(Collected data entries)
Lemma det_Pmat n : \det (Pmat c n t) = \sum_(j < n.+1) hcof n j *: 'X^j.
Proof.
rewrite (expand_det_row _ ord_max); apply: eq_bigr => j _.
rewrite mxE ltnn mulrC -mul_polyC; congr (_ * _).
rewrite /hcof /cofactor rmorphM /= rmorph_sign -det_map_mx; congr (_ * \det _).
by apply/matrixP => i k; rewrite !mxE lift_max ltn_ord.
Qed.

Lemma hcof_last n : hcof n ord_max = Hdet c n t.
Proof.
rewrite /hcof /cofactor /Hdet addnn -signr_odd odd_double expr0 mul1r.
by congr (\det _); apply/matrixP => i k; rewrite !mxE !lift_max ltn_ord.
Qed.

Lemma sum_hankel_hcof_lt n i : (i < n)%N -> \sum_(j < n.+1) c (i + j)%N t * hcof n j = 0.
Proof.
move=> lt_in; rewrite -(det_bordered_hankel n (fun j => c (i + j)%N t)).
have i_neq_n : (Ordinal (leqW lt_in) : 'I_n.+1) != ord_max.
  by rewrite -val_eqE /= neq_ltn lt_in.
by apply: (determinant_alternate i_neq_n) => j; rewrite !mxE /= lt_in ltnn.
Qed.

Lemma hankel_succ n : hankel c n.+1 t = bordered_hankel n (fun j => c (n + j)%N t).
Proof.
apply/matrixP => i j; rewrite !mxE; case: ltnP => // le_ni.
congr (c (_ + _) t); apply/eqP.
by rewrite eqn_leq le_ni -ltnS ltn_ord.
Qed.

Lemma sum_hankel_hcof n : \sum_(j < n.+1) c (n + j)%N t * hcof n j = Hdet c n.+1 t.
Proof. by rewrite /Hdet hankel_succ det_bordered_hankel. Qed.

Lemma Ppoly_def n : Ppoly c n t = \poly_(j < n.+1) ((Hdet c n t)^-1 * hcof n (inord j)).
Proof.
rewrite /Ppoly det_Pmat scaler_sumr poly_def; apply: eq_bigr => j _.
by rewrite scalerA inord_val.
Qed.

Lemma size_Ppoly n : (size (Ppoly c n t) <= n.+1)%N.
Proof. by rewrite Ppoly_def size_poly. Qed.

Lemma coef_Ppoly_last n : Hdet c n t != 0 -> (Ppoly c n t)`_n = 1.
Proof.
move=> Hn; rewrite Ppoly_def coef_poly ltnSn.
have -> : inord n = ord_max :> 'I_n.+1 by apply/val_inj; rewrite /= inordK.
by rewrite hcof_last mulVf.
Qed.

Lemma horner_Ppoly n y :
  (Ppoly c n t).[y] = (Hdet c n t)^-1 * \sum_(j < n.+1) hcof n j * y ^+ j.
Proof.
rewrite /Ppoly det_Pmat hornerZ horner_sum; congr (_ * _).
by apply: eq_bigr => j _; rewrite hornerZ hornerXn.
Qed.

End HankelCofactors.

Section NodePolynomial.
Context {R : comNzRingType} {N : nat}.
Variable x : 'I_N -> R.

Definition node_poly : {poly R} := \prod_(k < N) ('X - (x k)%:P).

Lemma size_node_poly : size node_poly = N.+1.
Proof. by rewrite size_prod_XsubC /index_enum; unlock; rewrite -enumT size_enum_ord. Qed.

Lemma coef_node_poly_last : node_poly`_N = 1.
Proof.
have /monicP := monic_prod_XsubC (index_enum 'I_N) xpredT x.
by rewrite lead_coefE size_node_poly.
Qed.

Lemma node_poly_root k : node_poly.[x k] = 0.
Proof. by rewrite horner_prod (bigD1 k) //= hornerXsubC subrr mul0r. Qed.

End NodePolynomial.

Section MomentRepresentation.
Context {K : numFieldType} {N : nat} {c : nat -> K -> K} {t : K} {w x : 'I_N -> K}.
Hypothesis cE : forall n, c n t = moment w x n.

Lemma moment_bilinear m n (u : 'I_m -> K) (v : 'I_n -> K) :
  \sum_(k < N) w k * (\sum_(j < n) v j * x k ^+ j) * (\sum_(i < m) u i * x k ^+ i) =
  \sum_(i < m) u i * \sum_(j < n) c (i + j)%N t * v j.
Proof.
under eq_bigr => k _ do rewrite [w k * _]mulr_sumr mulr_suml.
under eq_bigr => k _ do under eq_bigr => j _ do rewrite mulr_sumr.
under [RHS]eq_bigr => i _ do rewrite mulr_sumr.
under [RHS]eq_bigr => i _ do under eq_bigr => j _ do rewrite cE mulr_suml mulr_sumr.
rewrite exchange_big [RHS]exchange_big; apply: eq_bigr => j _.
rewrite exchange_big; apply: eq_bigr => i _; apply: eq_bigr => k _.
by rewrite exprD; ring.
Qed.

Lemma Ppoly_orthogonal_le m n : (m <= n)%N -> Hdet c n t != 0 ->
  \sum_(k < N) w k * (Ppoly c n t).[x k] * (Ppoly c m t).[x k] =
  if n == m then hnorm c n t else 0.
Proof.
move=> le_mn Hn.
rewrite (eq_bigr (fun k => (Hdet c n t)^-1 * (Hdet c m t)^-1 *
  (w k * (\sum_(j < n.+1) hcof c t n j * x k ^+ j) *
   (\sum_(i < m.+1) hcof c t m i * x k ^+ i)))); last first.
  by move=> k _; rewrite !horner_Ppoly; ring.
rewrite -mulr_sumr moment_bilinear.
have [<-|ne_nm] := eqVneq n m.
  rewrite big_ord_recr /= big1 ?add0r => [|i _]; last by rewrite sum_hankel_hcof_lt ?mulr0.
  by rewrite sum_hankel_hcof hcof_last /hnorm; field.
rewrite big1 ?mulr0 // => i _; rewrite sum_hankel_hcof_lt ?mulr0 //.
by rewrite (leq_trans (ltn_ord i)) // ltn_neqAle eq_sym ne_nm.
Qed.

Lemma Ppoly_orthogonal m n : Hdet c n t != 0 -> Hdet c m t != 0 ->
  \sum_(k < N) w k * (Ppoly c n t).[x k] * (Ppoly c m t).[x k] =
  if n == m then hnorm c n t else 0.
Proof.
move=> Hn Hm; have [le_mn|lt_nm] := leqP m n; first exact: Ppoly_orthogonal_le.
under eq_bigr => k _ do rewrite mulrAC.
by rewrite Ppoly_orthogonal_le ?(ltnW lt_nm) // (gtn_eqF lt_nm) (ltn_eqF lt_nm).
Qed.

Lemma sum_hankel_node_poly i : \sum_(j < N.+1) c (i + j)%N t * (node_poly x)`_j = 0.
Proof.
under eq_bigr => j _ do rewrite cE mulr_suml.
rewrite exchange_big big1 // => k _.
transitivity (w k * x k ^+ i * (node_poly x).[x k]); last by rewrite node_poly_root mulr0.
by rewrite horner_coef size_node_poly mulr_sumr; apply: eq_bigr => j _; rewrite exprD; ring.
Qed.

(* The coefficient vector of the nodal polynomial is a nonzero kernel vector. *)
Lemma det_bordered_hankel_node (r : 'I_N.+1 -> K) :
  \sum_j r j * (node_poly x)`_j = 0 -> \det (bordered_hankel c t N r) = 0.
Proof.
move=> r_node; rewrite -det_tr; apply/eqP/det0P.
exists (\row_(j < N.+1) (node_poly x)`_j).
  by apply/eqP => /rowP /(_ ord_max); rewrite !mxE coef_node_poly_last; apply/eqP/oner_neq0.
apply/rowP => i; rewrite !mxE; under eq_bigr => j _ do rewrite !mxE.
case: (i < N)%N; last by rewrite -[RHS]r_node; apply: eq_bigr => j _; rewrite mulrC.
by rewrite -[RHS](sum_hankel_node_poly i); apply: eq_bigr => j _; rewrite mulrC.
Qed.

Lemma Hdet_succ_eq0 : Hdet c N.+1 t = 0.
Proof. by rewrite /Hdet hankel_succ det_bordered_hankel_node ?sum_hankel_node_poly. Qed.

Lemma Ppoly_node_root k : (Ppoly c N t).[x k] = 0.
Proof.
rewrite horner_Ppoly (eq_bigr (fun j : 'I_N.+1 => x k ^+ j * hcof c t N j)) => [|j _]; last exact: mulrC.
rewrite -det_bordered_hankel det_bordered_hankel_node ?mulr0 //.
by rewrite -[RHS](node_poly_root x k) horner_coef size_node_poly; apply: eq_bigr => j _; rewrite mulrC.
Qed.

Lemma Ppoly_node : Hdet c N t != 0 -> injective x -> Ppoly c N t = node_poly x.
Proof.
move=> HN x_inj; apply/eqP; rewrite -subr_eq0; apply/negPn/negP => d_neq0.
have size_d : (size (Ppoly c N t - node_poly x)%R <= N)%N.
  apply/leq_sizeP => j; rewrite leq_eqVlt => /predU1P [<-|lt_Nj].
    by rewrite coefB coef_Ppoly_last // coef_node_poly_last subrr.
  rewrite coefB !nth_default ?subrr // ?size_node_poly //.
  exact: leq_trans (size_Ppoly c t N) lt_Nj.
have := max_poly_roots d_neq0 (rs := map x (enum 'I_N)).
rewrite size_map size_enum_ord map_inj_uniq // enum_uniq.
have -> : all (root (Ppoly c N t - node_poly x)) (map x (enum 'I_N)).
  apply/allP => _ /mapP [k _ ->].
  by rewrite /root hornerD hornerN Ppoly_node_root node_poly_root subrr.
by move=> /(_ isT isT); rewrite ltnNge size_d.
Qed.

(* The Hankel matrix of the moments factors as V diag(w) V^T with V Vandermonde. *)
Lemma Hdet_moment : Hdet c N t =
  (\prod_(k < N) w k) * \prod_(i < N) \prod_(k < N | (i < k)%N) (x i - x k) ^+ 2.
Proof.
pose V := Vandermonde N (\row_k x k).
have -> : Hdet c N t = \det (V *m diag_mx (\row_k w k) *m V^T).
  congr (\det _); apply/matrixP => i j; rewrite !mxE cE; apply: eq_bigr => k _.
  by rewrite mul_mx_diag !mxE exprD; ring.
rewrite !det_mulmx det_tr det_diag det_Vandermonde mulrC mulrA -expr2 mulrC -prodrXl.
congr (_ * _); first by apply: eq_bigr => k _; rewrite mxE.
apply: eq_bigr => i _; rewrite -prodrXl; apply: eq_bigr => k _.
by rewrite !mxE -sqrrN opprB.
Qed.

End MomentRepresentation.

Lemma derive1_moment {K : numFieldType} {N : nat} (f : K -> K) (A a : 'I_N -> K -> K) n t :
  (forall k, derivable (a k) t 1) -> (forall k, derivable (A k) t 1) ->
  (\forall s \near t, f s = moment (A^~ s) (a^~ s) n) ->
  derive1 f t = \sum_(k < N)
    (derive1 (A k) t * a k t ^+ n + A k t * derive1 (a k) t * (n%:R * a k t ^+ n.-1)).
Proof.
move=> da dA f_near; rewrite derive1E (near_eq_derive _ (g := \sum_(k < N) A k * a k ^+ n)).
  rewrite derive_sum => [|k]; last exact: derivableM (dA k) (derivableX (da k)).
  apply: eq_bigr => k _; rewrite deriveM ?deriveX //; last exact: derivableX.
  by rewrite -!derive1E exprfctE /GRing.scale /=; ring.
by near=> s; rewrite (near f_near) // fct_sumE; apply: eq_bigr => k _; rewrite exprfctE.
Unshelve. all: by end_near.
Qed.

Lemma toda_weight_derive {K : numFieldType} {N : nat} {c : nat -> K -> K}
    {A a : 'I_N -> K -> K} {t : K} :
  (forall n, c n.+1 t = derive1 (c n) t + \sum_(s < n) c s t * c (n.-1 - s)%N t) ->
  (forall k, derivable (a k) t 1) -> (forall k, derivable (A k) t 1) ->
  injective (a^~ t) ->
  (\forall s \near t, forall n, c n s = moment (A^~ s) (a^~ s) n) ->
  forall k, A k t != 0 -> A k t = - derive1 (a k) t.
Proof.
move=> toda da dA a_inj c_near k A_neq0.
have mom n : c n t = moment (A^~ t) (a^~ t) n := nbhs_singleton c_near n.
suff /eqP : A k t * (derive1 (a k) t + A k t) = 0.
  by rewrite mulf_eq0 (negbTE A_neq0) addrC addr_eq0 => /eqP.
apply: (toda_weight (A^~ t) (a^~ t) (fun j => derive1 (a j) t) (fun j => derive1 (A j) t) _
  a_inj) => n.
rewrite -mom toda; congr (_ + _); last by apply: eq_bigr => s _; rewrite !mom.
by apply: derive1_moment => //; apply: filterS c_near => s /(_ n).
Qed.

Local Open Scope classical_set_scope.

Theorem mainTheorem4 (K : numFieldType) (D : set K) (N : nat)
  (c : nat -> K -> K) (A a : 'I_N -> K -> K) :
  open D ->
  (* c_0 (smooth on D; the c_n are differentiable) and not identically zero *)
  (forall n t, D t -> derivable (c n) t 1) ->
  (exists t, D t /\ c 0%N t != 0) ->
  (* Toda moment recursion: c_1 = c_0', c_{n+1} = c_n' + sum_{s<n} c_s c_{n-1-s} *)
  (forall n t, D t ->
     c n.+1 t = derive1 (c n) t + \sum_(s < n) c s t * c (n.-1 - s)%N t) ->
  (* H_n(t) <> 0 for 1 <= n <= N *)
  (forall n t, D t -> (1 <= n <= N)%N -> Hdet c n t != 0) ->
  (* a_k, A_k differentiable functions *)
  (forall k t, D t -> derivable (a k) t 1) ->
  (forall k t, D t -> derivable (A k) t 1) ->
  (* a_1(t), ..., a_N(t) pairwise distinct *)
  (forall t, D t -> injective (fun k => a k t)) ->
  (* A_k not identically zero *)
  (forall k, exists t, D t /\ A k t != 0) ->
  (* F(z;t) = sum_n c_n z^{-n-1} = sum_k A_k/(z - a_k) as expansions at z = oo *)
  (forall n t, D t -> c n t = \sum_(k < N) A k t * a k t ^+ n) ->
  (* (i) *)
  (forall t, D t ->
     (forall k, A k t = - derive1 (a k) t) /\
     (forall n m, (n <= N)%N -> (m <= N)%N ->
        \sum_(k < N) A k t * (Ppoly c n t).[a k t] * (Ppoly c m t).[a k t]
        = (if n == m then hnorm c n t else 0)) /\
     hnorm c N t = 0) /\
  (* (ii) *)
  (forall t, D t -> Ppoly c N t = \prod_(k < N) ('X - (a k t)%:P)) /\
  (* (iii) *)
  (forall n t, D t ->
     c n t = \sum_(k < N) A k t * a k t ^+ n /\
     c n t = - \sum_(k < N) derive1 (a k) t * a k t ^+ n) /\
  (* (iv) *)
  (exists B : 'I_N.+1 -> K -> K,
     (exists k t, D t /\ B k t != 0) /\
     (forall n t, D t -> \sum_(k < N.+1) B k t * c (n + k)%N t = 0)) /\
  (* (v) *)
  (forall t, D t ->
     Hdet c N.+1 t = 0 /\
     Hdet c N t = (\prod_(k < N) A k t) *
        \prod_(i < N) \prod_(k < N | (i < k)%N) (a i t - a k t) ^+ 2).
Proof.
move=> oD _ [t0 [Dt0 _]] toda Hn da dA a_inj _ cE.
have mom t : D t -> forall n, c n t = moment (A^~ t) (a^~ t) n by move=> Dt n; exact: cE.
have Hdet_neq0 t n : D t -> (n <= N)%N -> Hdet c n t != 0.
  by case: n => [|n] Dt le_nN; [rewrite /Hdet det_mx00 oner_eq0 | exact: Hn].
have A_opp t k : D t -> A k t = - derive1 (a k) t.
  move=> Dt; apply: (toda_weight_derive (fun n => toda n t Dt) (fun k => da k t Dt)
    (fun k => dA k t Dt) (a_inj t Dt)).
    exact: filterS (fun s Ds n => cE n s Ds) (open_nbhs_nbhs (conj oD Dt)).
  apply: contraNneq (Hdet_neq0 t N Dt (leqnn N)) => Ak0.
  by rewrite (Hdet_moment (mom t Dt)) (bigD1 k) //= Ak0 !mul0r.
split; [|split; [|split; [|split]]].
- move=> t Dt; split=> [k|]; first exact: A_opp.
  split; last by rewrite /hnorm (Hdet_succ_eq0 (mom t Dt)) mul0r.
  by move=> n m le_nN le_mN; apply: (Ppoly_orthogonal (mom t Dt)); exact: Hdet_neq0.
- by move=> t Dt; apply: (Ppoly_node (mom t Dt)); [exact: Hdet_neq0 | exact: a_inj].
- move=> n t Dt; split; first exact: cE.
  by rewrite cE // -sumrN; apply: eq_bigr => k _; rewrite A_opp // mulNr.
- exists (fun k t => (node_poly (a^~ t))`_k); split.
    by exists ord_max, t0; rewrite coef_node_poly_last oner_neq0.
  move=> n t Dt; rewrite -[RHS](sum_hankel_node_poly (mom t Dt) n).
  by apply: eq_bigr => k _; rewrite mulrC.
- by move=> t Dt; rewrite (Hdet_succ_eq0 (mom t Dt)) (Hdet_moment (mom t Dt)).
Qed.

What is being asked
Repeat, exactly as they stand above, the lines from the line with "by rewrite !mxE -sqrrN opprB." to the line with "a_inj) => n.", both lines included.

Solution below
by rewrite !mxE -sqrrN opprB.
Qed.

End MomentRepresentation.

Lemma derive1_moment {K : numFieldType} {N : nat} (f : K -> K) (A a : 'I_N -> K -> K) n t :
  (forall k, derivable (a k) t 1) -> (forall k, derivable (A k) t 1) ->
  (\forall s \near t, f s = moment (A^~ s) (a^~ s) n) ->
  derive1 f t = \sum_(k < N)
    (derive1 (A k) t * a k t ^+ n + A k t * derive1 (a k) t * (n%:R * a k t ^+ n.-1)).
Proof.
move=> da dA f_near; rewrite derive1E (near_eq_derive _ (g := \sum_(k < N) A k * a k ^+ n)).
  rewrite derive_sum => [|k]; last exact: derivableM (dA k) (derivableX (da k)).
  apply: eq_bigr => k _; rewrite deriveM ?deriveX //; last exact: derivableX.
  by rewrite -!derive1E exprfctE /GRing.scale /=; ring.
by near=> s; rewrite (near f_near) // fct_sumE; apply: eq_bigr => k _; rewrite exprfctE.
Unshelve. all: by end_near.
Qed.

Lemma toda_weight_derive {K : numFieldType} {N : nat} {c : nat -> K -> K}
    {A a : 'I_N -> K -> K} {t : K} :
  (forall n, c n.+1 t = derive1 (c n) t + \sum_(s < n) c s t * c (n.-1 - s)%N t) ->
  (forall k, derivable (a k) t 1) -> (forall k, derivable (A k) t 1) ->
  injective (a^~ t) ->
  (\forall s \near t, forall n, c n s = moment (A^~ s) (a^~ s) n) ->
  forall k, A k t != 0 -> A k t = - derive1 (a k) t.
Proof.
move=> toda da dA a_inj c_near k A_neq0.
have mom n : c n t = moment (A^~ t) (a^~ t) n := nbhs_singleton c_near n.
suff /eqP : A k t * (derive1 (a k) t + A k t) = 0.
  by rewrite mulf_eq0 (negbTE A_neq0) addrC addr_eq0 => /eqP.
apply: (toda_weight (A^~ t) (a^~ t) (fun j => derive1 (a j) t) (fun j => derive1 (A j) t) _
  a_inj) => n.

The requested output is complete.